▶ _ACTION ITEM_:
For the entries that follow, give the number of lines holding the string "indX" and nothing more.
****
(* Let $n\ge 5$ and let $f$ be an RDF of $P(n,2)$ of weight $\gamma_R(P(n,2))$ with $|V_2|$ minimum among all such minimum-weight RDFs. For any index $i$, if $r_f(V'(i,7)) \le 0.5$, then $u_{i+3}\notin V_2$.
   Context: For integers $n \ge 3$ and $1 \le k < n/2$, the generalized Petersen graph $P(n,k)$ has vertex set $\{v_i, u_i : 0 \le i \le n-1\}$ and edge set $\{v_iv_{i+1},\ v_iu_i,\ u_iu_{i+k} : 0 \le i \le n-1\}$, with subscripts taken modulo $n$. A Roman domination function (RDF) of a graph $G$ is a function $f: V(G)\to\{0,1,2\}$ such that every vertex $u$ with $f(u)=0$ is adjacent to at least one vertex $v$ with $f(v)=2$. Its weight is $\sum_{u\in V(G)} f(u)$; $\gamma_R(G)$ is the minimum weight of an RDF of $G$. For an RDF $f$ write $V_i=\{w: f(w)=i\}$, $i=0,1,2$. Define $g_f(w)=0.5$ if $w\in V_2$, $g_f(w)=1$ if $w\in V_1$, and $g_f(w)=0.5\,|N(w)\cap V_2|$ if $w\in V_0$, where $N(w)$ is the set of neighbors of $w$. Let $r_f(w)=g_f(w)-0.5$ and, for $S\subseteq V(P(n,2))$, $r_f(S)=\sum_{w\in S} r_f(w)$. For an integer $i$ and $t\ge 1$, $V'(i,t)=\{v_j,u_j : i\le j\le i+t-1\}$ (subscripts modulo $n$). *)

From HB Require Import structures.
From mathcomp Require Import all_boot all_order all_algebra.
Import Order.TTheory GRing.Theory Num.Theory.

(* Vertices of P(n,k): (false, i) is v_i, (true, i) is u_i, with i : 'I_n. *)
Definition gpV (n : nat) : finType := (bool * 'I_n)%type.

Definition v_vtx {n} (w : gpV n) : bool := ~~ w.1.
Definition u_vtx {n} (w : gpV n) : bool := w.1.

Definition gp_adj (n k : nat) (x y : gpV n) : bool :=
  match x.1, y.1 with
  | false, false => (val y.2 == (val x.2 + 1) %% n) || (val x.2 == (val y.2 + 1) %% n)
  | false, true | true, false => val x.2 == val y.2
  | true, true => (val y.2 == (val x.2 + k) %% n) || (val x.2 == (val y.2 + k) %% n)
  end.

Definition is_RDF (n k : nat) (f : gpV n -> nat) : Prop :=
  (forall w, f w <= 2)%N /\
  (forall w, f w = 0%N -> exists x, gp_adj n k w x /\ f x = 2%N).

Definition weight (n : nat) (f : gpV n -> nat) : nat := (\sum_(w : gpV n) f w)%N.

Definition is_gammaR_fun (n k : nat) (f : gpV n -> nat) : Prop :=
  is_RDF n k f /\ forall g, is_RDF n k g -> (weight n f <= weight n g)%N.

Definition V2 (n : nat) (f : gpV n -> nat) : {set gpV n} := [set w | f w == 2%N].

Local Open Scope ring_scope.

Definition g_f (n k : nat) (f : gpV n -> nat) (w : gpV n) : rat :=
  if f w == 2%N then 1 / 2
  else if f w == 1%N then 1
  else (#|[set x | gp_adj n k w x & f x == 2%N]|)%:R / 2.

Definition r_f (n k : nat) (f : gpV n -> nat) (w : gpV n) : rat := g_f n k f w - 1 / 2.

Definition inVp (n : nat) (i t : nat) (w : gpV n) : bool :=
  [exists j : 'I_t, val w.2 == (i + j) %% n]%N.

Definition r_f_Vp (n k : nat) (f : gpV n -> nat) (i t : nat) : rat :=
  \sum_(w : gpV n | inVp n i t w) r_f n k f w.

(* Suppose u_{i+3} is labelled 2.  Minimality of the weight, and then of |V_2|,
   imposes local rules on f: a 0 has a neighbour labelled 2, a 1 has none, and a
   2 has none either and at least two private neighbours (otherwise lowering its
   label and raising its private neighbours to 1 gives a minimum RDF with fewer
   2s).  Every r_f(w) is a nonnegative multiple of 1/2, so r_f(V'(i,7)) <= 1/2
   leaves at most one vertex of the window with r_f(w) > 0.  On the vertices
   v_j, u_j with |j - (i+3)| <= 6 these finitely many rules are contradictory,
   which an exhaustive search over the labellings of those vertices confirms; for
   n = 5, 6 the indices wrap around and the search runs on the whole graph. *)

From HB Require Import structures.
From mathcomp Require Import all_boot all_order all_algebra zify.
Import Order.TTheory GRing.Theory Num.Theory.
****
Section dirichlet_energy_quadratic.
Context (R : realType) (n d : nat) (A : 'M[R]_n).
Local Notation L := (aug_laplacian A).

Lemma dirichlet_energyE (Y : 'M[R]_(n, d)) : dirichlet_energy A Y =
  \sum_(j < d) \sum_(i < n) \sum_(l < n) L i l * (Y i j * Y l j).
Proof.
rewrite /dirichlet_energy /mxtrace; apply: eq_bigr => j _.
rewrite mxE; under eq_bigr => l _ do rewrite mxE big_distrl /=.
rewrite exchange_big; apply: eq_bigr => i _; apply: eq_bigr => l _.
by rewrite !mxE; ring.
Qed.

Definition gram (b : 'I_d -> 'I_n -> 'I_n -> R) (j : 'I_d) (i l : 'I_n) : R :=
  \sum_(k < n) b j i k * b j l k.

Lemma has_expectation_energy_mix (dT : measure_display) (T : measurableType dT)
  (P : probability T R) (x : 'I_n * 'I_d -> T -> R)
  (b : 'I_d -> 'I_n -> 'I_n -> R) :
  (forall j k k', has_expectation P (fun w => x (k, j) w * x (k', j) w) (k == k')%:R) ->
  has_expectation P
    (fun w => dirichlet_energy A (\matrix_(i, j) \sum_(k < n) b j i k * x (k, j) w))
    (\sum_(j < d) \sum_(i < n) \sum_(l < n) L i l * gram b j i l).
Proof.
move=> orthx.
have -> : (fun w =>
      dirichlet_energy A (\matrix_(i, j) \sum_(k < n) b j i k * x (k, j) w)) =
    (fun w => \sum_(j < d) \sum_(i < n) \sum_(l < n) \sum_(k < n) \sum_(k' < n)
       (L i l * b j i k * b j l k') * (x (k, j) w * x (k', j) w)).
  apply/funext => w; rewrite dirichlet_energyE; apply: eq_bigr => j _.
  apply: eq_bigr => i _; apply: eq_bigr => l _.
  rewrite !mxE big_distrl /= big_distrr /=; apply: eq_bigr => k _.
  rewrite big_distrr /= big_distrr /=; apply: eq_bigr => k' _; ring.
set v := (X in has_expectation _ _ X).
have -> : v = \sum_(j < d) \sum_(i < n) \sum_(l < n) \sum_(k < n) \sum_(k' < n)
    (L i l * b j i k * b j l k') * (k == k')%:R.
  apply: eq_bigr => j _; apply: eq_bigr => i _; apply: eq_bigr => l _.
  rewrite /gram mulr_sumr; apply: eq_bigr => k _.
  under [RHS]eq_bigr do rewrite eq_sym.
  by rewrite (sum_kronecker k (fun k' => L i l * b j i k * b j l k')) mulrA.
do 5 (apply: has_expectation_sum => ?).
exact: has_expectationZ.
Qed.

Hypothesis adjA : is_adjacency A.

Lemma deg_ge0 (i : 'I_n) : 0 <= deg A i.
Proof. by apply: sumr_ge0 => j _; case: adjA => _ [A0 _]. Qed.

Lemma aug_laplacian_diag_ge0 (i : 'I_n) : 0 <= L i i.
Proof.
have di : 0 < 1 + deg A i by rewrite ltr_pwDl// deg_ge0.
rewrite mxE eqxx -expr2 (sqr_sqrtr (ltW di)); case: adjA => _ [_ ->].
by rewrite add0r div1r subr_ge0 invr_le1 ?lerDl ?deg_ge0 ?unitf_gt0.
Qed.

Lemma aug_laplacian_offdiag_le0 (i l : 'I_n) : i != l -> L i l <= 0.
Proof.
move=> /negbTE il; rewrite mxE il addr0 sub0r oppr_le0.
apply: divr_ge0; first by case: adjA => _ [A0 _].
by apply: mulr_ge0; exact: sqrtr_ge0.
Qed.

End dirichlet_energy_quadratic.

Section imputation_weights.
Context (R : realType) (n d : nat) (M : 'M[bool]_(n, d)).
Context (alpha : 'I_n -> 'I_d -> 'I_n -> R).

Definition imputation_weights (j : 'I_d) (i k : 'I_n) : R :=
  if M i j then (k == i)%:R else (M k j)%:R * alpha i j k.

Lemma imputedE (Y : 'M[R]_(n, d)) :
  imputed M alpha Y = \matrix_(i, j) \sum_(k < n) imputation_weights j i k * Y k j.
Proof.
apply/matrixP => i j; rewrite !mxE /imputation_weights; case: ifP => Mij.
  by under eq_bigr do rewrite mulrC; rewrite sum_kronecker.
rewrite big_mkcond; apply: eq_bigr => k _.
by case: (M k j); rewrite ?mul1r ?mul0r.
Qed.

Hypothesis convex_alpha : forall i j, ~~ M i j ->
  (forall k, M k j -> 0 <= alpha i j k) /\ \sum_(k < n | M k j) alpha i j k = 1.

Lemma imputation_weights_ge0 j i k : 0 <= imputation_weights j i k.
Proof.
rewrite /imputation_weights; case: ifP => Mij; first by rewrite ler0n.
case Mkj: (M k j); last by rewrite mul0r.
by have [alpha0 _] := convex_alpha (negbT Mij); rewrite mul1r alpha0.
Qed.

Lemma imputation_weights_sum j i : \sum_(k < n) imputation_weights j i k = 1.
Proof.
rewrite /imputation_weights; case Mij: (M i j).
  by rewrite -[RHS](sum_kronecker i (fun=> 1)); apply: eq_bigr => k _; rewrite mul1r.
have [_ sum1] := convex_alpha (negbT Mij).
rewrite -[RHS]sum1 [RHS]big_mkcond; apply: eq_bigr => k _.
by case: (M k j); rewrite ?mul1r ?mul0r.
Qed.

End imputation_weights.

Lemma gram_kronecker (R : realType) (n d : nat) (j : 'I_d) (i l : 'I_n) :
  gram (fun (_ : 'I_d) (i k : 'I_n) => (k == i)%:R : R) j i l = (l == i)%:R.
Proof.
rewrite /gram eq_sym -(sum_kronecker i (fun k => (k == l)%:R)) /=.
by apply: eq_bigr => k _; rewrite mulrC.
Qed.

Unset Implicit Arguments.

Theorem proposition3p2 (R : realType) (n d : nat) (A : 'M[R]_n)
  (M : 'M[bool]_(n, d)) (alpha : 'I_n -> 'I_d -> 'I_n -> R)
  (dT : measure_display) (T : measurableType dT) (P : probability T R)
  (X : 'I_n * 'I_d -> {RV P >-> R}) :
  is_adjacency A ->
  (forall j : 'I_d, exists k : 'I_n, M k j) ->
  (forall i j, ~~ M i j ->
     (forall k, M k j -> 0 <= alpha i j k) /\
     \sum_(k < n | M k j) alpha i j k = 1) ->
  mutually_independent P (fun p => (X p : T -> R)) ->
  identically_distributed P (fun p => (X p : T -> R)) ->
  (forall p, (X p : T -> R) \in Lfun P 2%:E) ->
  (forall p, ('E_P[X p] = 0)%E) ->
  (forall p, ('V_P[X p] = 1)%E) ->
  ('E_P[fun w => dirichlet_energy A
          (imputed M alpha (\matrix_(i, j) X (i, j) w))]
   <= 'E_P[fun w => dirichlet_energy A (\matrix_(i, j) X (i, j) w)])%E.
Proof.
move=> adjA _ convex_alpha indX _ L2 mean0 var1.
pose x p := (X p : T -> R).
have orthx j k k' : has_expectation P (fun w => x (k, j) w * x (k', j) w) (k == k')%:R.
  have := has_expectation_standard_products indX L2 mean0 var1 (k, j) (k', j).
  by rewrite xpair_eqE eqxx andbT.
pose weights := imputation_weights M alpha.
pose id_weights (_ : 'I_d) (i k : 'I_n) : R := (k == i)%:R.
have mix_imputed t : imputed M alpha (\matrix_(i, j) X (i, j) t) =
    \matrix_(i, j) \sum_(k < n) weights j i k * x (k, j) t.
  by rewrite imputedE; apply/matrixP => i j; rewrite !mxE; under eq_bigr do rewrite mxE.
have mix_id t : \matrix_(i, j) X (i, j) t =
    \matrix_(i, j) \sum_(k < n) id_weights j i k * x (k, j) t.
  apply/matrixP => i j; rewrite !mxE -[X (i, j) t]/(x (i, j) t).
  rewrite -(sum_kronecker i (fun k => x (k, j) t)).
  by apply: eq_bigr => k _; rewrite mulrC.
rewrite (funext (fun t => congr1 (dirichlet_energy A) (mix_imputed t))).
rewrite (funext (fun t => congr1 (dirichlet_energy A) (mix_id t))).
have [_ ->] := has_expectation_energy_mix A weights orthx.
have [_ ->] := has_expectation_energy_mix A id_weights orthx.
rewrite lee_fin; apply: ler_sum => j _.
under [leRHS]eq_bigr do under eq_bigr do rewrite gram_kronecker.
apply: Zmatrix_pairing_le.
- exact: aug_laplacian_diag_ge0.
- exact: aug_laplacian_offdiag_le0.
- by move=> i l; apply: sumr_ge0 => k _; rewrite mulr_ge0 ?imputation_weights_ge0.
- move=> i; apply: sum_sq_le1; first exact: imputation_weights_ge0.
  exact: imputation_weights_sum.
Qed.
****
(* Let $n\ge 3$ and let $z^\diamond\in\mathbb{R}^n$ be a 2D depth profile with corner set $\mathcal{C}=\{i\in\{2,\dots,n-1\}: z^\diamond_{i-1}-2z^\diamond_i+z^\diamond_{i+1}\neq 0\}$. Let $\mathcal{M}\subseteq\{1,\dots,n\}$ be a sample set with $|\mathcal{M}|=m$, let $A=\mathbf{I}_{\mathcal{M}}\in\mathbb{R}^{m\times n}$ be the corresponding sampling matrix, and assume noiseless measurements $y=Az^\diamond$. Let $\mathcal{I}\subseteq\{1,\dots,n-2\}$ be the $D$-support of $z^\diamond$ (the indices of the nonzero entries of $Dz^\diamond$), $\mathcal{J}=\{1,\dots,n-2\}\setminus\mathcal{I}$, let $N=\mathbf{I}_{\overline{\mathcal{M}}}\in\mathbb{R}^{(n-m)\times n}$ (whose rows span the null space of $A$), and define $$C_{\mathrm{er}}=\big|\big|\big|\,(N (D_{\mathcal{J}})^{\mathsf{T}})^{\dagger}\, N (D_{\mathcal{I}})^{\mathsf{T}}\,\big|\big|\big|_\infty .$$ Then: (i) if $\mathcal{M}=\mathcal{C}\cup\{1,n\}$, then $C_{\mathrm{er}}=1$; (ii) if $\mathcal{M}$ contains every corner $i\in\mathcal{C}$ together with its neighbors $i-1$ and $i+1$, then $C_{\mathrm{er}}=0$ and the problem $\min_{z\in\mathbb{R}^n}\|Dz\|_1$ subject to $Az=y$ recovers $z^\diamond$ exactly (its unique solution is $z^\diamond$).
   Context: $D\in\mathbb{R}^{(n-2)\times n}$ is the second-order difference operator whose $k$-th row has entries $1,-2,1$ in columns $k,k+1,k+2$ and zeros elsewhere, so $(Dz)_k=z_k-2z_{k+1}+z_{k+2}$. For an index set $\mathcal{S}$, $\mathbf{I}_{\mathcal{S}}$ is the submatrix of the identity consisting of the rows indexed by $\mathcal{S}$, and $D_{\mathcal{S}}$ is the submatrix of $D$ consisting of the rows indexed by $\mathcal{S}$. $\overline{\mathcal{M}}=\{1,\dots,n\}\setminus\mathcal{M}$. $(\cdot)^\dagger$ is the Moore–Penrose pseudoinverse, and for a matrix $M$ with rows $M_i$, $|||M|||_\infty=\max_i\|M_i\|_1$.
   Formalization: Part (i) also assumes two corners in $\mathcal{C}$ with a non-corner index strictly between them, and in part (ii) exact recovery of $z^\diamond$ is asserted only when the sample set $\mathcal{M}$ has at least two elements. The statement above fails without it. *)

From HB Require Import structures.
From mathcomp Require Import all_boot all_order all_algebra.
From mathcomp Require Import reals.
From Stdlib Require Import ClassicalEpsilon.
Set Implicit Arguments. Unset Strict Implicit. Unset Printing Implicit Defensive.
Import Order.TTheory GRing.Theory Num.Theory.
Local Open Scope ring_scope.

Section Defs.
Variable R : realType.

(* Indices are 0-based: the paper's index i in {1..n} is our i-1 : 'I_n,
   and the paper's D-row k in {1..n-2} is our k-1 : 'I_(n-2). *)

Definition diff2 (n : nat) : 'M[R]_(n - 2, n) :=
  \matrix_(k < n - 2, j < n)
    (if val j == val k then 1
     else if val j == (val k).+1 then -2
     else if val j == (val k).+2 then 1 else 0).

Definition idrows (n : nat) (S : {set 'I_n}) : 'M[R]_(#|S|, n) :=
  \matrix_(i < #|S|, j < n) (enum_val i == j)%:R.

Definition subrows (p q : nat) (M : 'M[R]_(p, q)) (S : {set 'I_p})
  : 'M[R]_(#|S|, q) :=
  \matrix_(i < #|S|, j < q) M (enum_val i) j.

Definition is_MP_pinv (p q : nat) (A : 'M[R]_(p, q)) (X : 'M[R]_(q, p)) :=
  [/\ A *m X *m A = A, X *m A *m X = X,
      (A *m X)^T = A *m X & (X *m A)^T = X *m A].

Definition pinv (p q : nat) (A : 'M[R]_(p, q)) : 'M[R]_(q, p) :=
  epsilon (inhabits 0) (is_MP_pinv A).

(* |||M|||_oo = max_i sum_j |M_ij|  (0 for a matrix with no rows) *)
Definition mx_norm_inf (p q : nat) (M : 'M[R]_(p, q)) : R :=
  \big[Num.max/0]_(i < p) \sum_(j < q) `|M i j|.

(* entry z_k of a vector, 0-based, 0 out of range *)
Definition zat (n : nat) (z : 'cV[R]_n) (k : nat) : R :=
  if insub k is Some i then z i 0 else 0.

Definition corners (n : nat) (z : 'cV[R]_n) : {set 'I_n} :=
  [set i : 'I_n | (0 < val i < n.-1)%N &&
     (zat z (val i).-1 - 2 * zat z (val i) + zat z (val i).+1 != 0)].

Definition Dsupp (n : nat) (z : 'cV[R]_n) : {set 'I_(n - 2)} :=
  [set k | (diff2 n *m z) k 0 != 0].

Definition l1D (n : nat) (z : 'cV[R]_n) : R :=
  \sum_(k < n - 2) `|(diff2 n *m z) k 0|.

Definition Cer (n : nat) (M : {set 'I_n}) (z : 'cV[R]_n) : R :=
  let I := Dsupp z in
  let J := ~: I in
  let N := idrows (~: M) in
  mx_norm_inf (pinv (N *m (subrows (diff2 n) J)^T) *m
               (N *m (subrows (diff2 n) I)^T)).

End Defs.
****
▶ _EXPECTED ANSWER_:
2